─── INPUT

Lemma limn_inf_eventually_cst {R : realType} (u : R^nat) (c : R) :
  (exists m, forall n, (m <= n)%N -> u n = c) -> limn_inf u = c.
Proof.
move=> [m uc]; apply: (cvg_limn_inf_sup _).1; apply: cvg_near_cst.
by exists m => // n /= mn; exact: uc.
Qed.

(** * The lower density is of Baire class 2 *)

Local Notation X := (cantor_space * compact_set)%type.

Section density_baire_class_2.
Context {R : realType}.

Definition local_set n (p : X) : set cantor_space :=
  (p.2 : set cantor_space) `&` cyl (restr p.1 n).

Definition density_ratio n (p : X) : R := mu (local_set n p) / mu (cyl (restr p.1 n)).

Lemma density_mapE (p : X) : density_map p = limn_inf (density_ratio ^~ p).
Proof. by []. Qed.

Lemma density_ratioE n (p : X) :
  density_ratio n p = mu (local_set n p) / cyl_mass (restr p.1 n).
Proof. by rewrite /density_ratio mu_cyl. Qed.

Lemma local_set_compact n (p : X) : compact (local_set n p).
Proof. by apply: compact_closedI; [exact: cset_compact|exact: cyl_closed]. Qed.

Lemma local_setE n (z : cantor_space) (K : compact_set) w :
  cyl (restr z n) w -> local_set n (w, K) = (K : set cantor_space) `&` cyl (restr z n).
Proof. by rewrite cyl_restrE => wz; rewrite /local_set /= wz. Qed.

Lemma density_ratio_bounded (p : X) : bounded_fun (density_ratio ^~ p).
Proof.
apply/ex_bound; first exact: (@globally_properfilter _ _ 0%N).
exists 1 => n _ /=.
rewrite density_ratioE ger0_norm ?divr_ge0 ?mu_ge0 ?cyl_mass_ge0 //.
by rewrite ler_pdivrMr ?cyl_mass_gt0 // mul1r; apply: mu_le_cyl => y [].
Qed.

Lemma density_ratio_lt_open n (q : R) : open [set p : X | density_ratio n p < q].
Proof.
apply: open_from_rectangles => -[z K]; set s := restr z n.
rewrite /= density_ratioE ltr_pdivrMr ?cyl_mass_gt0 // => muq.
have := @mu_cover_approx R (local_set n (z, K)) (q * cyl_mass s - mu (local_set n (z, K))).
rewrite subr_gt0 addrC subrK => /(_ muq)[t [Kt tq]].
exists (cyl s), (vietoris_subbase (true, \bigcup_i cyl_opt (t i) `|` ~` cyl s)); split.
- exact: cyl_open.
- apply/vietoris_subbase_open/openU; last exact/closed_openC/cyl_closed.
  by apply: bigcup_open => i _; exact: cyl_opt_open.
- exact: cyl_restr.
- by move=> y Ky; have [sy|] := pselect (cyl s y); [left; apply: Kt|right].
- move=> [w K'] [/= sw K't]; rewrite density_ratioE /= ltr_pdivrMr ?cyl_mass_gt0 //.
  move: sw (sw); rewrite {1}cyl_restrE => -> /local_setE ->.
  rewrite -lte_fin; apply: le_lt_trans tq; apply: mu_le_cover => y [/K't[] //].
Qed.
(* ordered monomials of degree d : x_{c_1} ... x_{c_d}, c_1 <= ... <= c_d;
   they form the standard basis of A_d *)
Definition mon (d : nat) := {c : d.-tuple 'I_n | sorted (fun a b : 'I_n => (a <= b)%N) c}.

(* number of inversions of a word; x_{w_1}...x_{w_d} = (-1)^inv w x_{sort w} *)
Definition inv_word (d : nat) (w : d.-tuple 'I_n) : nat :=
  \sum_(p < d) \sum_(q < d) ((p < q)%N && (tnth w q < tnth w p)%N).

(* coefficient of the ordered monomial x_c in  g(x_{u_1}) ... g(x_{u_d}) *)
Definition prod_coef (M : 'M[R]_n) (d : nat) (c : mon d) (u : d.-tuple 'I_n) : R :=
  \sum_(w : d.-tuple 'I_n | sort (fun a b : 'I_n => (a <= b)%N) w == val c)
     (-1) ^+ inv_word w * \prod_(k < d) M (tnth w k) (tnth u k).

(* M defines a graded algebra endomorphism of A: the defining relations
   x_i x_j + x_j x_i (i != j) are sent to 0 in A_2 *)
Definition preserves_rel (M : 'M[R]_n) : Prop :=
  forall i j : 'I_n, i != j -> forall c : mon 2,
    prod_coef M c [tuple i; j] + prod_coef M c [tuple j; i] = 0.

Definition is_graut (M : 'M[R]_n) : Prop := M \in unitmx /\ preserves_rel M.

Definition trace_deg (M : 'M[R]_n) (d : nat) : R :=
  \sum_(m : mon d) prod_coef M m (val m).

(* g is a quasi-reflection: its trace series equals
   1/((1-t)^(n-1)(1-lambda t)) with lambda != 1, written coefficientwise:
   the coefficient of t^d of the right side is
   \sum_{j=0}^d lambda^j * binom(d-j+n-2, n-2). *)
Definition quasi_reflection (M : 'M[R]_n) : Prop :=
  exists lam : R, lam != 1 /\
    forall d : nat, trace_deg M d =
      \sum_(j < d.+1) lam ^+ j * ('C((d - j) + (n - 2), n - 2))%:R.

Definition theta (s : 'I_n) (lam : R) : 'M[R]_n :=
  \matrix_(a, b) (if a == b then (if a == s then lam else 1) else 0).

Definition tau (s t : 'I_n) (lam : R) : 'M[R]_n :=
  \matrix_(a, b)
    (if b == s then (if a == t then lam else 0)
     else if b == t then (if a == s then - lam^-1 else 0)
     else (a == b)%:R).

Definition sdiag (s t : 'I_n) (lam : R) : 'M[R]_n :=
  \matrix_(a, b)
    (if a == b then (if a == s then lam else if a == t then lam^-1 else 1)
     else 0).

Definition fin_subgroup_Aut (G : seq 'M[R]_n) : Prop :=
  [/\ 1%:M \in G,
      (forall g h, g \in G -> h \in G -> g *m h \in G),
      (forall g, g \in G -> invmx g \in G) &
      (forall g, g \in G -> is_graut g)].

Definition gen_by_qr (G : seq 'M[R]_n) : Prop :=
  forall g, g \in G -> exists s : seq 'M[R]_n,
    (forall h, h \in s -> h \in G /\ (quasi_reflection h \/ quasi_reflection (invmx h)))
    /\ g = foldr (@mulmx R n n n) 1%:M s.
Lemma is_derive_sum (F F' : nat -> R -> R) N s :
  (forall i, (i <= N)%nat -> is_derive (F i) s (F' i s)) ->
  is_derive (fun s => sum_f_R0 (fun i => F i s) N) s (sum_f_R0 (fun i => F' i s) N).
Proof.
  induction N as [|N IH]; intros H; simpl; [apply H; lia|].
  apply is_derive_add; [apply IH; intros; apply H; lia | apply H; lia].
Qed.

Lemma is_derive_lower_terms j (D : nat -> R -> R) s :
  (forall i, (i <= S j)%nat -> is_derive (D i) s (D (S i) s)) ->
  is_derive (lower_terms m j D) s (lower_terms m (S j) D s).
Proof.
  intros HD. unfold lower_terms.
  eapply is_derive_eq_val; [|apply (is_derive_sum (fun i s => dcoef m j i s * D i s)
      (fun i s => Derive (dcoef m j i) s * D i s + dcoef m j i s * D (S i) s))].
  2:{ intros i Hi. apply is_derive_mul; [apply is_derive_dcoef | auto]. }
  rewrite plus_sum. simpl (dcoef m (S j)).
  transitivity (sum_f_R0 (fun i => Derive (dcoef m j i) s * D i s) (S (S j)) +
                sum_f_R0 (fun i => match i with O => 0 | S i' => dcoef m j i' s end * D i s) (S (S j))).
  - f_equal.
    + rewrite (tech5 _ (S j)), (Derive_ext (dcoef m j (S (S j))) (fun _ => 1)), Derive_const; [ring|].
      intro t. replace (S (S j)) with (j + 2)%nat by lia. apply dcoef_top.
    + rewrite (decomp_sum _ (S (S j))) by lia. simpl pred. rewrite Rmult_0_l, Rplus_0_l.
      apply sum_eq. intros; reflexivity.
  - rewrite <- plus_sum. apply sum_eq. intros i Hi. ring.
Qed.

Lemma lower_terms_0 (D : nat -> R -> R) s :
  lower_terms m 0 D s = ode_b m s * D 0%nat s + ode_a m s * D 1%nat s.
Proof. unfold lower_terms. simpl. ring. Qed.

──────

TASK TO CARRY OUT
Print again the lines of the entries above that fall between the line holding "apply/ex_bound; first exact: (@globally_properfilter" and the line holding "Definition prod_coef (M", inclusive, exactly as they stand.

SOLVED EXERCISE
apply/ex_bound; first exact: (@globally_properfilter _ _ 0%N).
exists 1 => n _ /=.
rewrite density_ratioE ger0_norm ?divr_ge0 ?mu_ge0 ?cyl_mass_ge0 //.
by rewrite ler_pdivrMr ?cyl_mass_gt0 // mul1r; apply: mu_le_cyl => y [].
Qed.

Lemma density_ratio_lt_open n (q : R) : open [set p : X | density_ratio n p < q].
Proof.
apply: open_from_rectangles => -[z K]; set s := restr z n.
rewrite /= density_ratioE ltr_pdivrMr ?cyl_mass_gt0 // => muq.
have := @mu_cover_approx R (local_set n (z, K)) (q * cyl_mass s - mu (local_set n (z, K))).
rewrite subr_gt0 addrC subrK => /(_ muq)[t [Kt tq]].
exists (cyl s), (vietoris_subbase (true, \bigcup_i cyl_opt (t i) `|` ~` cyl s)); split.
- exact: cyl_open.
- apply/vietoris_subbase_open/openU; last exact/closed_openC/cyl_closed.
  by apply: bigcup_open => i _; exact: cyl_opt_open.
- exact: cyl_restr.
- by move=> y Ky; have [sy|] := pselect (cyl s y); [left; apply: Kt|right].
- move=> [w K'] [/= sw K't]; rewrite density_ratioE /= ltr_pdivrMr ?cyl_mass_gt0 //.
  move: sw (sw); rewrite {1}cyl_restrE => -> /local_setE ->.
  rewrite -lte_fin; apply: le_lt_trans tq; apply: mu_le_cover => y [/K't[] //].
Qed.
(* ordered monomials of degree d : x_{c_1} ... x_{c_d}, c_1 <= ... <= c_d;
   they form the standard basis of A_d *)
Definition mon (d : nat) := {c : d.-tuple 'I_n | sorted (fun a b : 'I_n => (a <= b)%N) c}.

(* number of inversions of a word; x_{w_1}...x_{w_d} = (-1)^inv w x_{sort w} *)
Definition inv_word (d : nat) (w : d.-tuple 'I_n) : nat :=
  \sum_(p < d) \sum_(q < d) ((p < q)%N && (tnth w q < tnth w p)%N).

(* coefficient of the ordered monomial x_c in  g(x_{u_1}) ... g(x_{u_d}) *)
Definition prod_coef (M : 'M[R]_n) (d : nat) (c : mon d) (u : d.-tuple 'I_n) : R :=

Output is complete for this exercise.